◆ DATASET RECORDS ◆
____________

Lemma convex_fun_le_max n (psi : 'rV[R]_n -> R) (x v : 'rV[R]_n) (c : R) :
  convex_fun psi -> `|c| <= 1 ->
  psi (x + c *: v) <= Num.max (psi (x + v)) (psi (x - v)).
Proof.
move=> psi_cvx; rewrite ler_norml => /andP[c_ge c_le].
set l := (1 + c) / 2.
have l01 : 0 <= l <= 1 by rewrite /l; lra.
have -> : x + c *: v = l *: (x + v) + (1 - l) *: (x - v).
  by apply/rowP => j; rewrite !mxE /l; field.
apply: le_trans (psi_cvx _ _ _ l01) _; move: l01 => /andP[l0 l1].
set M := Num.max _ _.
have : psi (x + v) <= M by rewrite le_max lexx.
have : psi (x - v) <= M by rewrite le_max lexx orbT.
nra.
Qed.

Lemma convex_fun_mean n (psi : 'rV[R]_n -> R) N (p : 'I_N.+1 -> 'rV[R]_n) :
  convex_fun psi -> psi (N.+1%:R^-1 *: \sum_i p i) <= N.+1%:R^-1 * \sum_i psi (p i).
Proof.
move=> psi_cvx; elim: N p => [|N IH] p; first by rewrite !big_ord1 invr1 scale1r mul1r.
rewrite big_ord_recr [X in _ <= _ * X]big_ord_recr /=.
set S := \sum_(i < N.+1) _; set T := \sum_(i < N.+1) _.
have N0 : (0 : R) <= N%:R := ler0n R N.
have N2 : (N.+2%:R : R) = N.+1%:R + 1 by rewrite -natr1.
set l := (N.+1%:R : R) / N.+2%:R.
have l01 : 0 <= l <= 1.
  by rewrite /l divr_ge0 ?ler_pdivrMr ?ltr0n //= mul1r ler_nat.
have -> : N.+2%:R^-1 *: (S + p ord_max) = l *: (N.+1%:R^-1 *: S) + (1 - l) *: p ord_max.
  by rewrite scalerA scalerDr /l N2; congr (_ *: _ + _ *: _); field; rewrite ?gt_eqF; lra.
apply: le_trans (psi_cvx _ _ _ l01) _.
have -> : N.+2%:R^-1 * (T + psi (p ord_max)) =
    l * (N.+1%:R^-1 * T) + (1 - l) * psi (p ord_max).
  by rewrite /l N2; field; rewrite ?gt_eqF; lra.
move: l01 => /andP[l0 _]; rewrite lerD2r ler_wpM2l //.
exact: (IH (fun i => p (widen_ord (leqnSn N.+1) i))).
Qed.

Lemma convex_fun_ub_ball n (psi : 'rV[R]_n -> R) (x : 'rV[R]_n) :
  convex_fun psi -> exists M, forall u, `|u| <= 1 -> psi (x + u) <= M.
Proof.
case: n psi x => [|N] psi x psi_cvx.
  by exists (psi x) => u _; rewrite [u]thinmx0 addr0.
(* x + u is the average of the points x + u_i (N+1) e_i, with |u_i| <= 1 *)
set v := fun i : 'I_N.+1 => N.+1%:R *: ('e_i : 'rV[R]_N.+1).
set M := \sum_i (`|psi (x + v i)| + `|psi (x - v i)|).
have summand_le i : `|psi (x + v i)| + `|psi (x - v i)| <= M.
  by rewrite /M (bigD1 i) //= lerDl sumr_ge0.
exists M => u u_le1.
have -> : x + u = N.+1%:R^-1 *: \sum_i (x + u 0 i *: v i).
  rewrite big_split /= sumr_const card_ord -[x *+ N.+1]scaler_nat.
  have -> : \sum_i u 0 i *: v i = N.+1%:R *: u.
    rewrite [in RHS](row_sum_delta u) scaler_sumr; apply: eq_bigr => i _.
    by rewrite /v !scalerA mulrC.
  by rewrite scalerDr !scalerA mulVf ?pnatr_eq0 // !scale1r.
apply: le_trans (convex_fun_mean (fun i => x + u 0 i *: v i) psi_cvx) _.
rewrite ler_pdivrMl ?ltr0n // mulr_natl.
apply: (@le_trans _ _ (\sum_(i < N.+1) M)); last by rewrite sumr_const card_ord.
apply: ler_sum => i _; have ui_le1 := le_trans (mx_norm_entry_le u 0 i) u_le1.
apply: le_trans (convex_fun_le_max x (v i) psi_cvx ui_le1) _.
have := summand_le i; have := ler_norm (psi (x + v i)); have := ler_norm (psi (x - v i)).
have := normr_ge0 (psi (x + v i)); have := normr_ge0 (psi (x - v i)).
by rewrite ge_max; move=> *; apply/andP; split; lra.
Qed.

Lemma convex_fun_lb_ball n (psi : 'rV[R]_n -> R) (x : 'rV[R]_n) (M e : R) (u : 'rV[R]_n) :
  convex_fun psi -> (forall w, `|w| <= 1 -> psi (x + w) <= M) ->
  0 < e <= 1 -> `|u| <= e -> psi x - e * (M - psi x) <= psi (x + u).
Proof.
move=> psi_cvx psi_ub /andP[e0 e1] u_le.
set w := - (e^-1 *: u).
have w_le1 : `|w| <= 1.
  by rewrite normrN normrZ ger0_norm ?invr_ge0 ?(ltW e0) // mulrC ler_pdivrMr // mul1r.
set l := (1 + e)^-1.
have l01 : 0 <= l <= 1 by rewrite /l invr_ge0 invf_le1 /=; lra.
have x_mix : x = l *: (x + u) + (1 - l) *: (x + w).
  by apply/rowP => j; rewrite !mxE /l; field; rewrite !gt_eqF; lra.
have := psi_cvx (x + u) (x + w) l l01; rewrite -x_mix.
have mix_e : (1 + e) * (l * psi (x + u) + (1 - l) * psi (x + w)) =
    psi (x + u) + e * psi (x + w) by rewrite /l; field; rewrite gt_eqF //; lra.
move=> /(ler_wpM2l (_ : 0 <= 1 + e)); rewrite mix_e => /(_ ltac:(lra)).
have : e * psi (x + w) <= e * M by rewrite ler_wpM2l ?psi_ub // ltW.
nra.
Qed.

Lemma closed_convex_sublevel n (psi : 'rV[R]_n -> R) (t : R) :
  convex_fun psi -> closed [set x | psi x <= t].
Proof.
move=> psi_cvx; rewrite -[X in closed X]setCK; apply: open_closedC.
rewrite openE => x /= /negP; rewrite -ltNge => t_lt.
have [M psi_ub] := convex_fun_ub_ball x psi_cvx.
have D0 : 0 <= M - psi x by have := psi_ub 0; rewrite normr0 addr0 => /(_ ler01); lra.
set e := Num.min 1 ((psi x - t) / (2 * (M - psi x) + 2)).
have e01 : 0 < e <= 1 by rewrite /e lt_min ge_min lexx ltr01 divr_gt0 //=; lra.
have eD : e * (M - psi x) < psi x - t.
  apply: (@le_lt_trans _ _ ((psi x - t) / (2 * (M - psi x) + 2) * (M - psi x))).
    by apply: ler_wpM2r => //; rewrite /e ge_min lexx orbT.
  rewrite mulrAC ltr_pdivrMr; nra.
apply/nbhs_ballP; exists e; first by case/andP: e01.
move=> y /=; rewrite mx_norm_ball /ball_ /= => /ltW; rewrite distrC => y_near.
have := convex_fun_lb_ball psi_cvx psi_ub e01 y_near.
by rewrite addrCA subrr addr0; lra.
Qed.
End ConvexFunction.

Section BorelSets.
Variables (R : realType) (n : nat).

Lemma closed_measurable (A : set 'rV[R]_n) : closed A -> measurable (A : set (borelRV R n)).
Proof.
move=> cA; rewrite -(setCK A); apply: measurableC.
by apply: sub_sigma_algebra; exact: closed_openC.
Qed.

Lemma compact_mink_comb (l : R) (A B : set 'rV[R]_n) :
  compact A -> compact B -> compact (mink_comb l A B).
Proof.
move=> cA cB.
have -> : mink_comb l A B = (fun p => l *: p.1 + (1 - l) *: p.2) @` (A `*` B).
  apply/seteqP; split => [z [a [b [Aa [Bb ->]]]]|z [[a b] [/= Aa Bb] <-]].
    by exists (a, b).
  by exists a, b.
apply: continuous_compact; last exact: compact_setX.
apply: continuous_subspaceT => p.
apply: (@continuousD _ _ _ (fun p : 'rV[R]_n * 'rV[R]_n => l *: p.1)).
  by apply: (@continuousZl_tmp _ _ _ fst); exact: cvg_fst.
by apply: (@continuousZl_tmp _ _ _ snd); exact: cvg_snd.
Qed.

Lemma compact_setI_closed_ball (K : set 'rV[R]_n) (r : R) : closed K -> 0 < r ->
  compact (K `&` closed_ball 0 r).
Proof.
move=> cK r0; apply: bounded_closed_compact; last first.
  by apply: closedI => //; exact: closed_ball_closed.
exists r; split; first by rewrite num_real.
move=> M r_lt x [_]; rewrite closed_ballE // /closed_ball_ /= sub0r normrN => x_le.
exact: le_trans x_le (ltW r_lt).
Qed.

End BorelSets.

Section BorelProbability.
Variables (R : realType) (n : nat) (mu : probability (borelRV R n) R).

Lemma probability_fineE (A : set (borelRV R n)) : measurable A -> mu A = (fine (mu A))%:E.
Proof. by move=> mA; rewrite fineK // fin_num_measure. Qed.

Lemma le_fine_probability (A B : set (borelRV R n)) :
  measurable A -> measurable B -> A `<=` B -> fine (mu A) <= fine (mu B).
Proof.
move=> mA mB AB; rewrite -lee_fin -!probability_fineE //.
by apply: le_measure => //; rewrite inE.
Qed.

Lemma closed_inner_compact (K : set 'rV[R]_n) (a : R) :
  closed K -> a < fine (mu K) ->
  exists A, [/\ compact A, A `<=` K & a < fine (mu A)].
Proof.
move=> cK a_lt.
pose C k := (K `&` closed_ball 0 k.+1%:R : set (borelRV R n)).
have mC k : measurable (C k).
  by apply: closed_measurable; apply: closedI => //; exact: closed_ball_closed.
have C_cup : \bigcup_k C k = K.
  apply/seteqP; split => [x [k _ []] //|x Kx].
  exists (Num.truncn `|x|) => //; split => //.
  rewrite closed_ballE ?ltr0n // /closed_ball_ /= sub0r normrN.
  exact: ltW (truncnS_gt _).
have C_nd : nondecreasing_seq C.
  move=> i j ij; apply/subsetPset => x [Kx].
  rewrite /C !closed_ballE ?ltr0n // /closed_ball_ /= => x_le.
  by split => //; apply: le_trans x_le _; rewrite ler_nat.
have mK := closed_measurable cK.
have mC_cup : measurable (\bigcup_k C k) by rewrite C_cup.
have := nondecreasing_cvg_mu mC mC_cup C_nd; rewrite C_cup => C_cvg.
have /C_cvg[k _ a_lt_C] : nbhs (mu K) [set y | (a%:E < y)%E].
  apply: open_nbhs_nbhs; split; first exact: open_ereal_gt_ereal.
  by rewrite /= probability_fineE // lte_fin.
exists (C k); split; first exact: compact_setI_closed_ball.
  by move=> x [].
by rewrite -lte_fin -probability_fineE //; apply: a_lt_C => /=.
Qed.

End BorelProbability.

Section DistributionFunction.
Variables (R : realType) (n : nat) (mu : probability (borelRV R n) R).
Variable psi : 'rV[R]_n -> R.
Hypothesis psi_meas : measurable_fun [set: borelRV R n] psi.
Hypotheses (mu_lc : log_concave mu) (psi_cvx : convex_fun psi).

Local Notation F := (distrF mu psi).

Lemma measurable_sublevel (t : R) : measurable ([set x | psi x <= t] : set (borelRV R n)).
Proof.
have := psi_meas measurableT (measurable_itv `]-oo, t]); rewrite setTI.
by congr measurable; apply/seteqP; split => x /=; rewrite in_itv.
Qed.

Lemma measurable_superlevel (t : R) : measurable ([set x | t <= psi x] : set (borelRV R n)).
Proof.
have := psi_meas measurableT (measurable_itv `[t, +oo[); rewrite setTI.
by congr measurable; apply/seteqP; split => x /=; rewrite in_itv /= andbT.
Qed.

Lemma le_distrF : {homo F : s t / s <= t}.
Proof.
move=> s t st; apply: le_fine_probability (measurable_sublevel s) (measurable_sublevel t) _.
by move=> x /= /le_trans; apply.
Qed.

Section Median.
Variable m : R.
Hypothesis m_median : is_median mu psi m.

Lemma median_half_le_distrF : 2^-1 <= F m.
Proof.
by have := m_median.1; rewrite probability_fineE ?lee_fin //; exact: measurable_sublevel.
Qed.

____________

◆ TASK ◆
When you reach the line in the material above that holds "exists M => u u_le1.", begin reproducing lines exactly, and stop after the line that holds "by apply/rowP => j; rewrite !mxE /l; field;".

◆ RESULT FOR THIS EXERCISE ◆
exists M => u u_le1.
have -> : x + u = N.+1%:R^-1 *: \sum_i (x + u 0 i *: v i).
  rewrite big_split /= sumr_const card_ord -[x *+ N.+1]scaler_nat.
  have -> : \sum_i u 0 i *: v i = N.+1%:R *: u.
    rewrite [in RHS](row_sum_delta u) scaler_sumr; apply: eq_bigr => i _.
    by rewrite /v !scalerA mulrC.
  by rewrite scalerDr !scalerA mulVf ?pnatr_eq0 // !scale1r.
apply: le_trans (convex_fun_mean (fun i => x + u 0 i *: v i) psi_cvx) _.
rewrite ler_pdivrMl ?ltr0n // mulr_natl.
apply: (@le_trans _ _ (\sum_(i < N.+1) M)); last by rewrite sumr_const card_ord.
apply: ler_sum => i _; have ui_le1 := le_trans (mx_norm_entry_le u 0 i) u_le1.
apply: le_trans (convex_fun_le_max x (v i) psi_cvx ui_le1) _.
have := summand_le i; have := ler_norm (psi (x + v i)); have := ler_norm (psi (x - v i)).
have := normr_ge0 (psi (x + v i)); have := normr_ge0 (psi (x - v i)).
by rewrite ge_max; move=> *; apply/andP; split; lra.
Qed.

Lemma convex_fun_lb_ball n (psi : 'rV[R]_n -> R) (x : 'rV[R]_n) (M e : R) (u : 'rV[R]_n) :
  convex_fun psi -> (forall w, `|w| <= 1 -> psi (x + w) <= M) ->
  0 < e <= 1 -> `|u| <= e -> psi x - e * (M - psi x) <= psi (x + u).
Proof.
move=> psi_cvx psi_ub /andP[e0 e1] u_le.
set w := - (e^-1 *: u).
have w_le1 : `|w| <= 1.
  by rewrite normrN normrZ ger0_norm ?invr_ge0 ?(ltW e0) // mulrC ler_pdivrMr // mul1r.
set l := (1 + e)^-1.
have l01 : 0 <= l <= 1 by rewrite /l invr_ge0 invf_le1 /=; lra.
have x_mix : x = l *: (x + u) + (1 - l) *: (x + w).
  by apply/rowP => j; rewrite !mxE /l; field; rewrite !gt_eqF; lra.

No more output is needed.